© Jonathan Borba

Antonelli seals Monaco as Gasly loses podium

Kimi Antonelli won the Monaco Grand Prix to claim a fifth straight victory, become the youngest-ever winner in the principality and tighten his grip on the 2026 Formula 1 title fight in a race consumed by penalties, a red flag and two major controversies involving Alpine and Ferrari.

Lewis Hamilton finished second after Antonelli kept control through a 78-lap race shaped by safety cars, crashes and several retirements. The win was Antonelli’s fifth from the first six races of the season and further strengthened his championship lead, underlining the form that has turned him into the standout driver of 2026.

The mess behind him became the bigger talking point. Pierre Gasly crossed the line third, but dropped to seventh once 10 seconds of pit-lane speeding penalties were applied. De Telegraaf reported that Gasly did not know he lacked enough of a gap over Isack Hadjar because Alpine had not informed him over the radio, turning what looked like a Monaco podium into one of the cruelest results of the weekend.

Ferrari’s home-race nightmare was just as dramatic. Charles Leclerc had started the weekend fastest in first practice, then lost his shot at pole when he hit the wall on his final qualifying lap. His race ended at the safety-car restart when he crashed out, triggering the red flag on an afternoon already full of incidents.

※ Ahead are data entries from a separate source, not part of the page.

Lemma descents_perm_seq m (s : 'S_m) : descents s = des (perm_seq s).
Proof.
rewrite /descents card_set_count des_count size_ord_seq -val_enum_ord count_map.
apply: eq_count => i /=; case Hi: (i.+1 < m) => //=.
rewrite /perm_seq -[i.+1]/(val (Ordinal Hi)) !nth_ord_seq.
apply/existsP/idP => [[j /andP [/eqP Ej lt_ji]]|lt_i].
  by have -> : Ordinal Hi = j by apply: val_inj; rewrite /= Ej.
by exists (Ordinal Hi); rewrite eqxx.
Qed.

Lemma perm_seq_permutation m (s : 'S_m) : perm_seq s \in permutations (iota 0 m).
Proof.
rewrite mem_permutations /perm_seq; apply: uniq_perm; last 1 first.
- move=> x; rewrite mem_iota add0n; apply/idP/idP.
    case/(nthP 0) => k; rewrite size_ord_seq => Hk <-.
    by rewrite -[k]/(val (Ordinal Hk)) nth_ord_seq leq0n /=; apply: ltn_ord.
  move=> Hx; apply/(nthP 0); exists ((s^-1)%g (Ordinal Hx)); first by rewrite size_ord_seq.
  by rewrite nth_ord_seq permKV.
- apply/(uniqP 0) => k k'; rewrite !inE size_ord_seq => Hk Hk'.
  rewrite -[k]/(val (Ordinal Hk)) -[k']/(val (Ordinal Hk')) !nth_ord_seq.
  by move/val_inj/perm_inj => [].
- exact: iota_uniq.
Qed.

Lemma perm_seq_onto m l :
  l \in permutations (iota 0 m) -> exists2 s : 'S_m, true & perm_seq s = l.
Proof.
rewrite mem_permutations => Hl.
have size_l : size l = m by rewrite (perm_size Hl) size_iota.
have uniq_l : uniq l by rewrite (perm_uniq Hl) iota_uniq.
case: m Hl size_l => [|m] Hl size_l.
  by exists 1%g => //; apply: ord_seq_nth => // -[].
have nth_l (i : 'I_m.+1) : nth 0 l i < m.+1.
  have : nth 0 l i \in l by rewrite mem_nth // size_l.
  by rewrite (perm_mem Hl) mem_iota.
pose g (i : 'I_m.+1) : 'I_m.+1 := inord (nth 0 l i).
have g_inj : injective g.
  move=> i j /(congr1 (@nat_of_ord _)); rewrite /g !inordK // => /eqP.
  by rewrite nth_uniq ?size_l // => /eqP; apply: val_inj.
by exists (perm g_inj) => //; apply: ord_seq_nth => // i; rewrite permE; apply: inordK.
Qed.

Lemma eulerian_count m k :
  eulerian m k = count (fun t => des t == k) (permutations (iota 0 m)).
Proof.
rewrite /eulerian -(@card_set_image _ _ predT (@perm_seq m)).
- by apply: eq_card => s; rewrite !inE descents_perm_seq.
- by move=> s s' _ _ E; apply/permP => i; apply: val_inj; apply: (ord_seq_inj E).
- exact: permutations_uniq.
- by move=> s _; apply: perm_seq_permutation.
- exact: perm_seq_onto.
Qed.
Lemma le_of_derive_nonneg a b F F' : a <= b ->
  (forall t, a < t < b -> is_derive F t (F' t)) -> cont_on a b F ->
  (forall t, a <= t <= b -> 0 <= F' t) -> F a <= F b.
Proof.
  intros Hab Hd Hc Hpos.
  enough (- F b <= - F a) by lra.
  apply (le_of_derive_nonpos a b (fun s => - F s) (fun s => - F' s) Hab).
  - intros t Ht. exact (is_derive_opp F t (F' t) (Hd t Ht)).
  - apply (cont_on_comp a b F Ropp Hab Hc). intros v.
    apply (continuous_opp (fun x : R => x)), continuous_id.
  - intros t Ht. specialize (Hpos t Ht). lra.
Qed.

Lemma ex_RInt_of_continuous (g : R -> R) a b : (forall t, continuous g t) -> ex_RInt g a b.
Proof. intros H. apply (ex_RInt_continuous (V := R_CompleteNormedModule)). intros; apply H. Qed.

Lemma is_derive_RInt_upper (g : R -> R) a t : (forall s, continuous g s) ->
  is_derive (fun s => RInt g a s) t (g t).
Proof.
  intros H. apply (is_derive_RInt g (fun s => RInt g a s) a t); [|apply H].
  apply filter_forall. intros b. apply (RInt_correct (V := R_CompleteNormedModule)).
  apply ex_RInt_of_continuous, H.
Qed.

Lemma continuous_RInt_upper (g : R -> R) a t : (forall s, continuous g s) ->
  continuous (fun s => RInt g a s) t.
Proof.
  intros H. apply (@ex_derive_continuous R_AbsRing R_NormedModule).
  eexists. apply is_derive_RInt_upper, H.
Qed.

Lemma abs_RInt_le_dominated (f g : R -> R) a b : a <= b -> ex_RInt f a b -> ex_RInt g a b ->
  (forall s, a < s < b -> Rabs (f s) <= g s) -> Rabs (RInt f a b) <= RInt g a b.
Proof.
  intros Hab Hf Hg H. eapply Rle_trans; [apply abs_RInt_le; auto|].
  apply RInt_le; auto. apply (ex_RInt_norm f); auto.
Qed.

Afterwards, Leclerc blamed a brake problem for the accident. La Gazzetta dello Sport reported that he said “three of his four brakes were not working properly.” Brembo answered with a notably direct response, saying it was “surprised by Leclerc’s comments” and that it was “too early to draw conclusions before Ferrari and the supplier had fully analysed the telemetry data.”

The race had already been destabilized by other incidents, including Max Verstappen failing to get off the start line in a timely manner and a stream of FIA penalties that repeatedly reshaped the order.

One driver who benefited from that churn was Fernando Alonso. Marca reported that Alonso inherited 10th place for Aston Martin’s first point of the 2026 season after Sergio Perez’s second false-start penalty denied Cadillac what would have been its first point in Formula 1, another reminder that in Monaco the fallout can matter almost as much as the finish.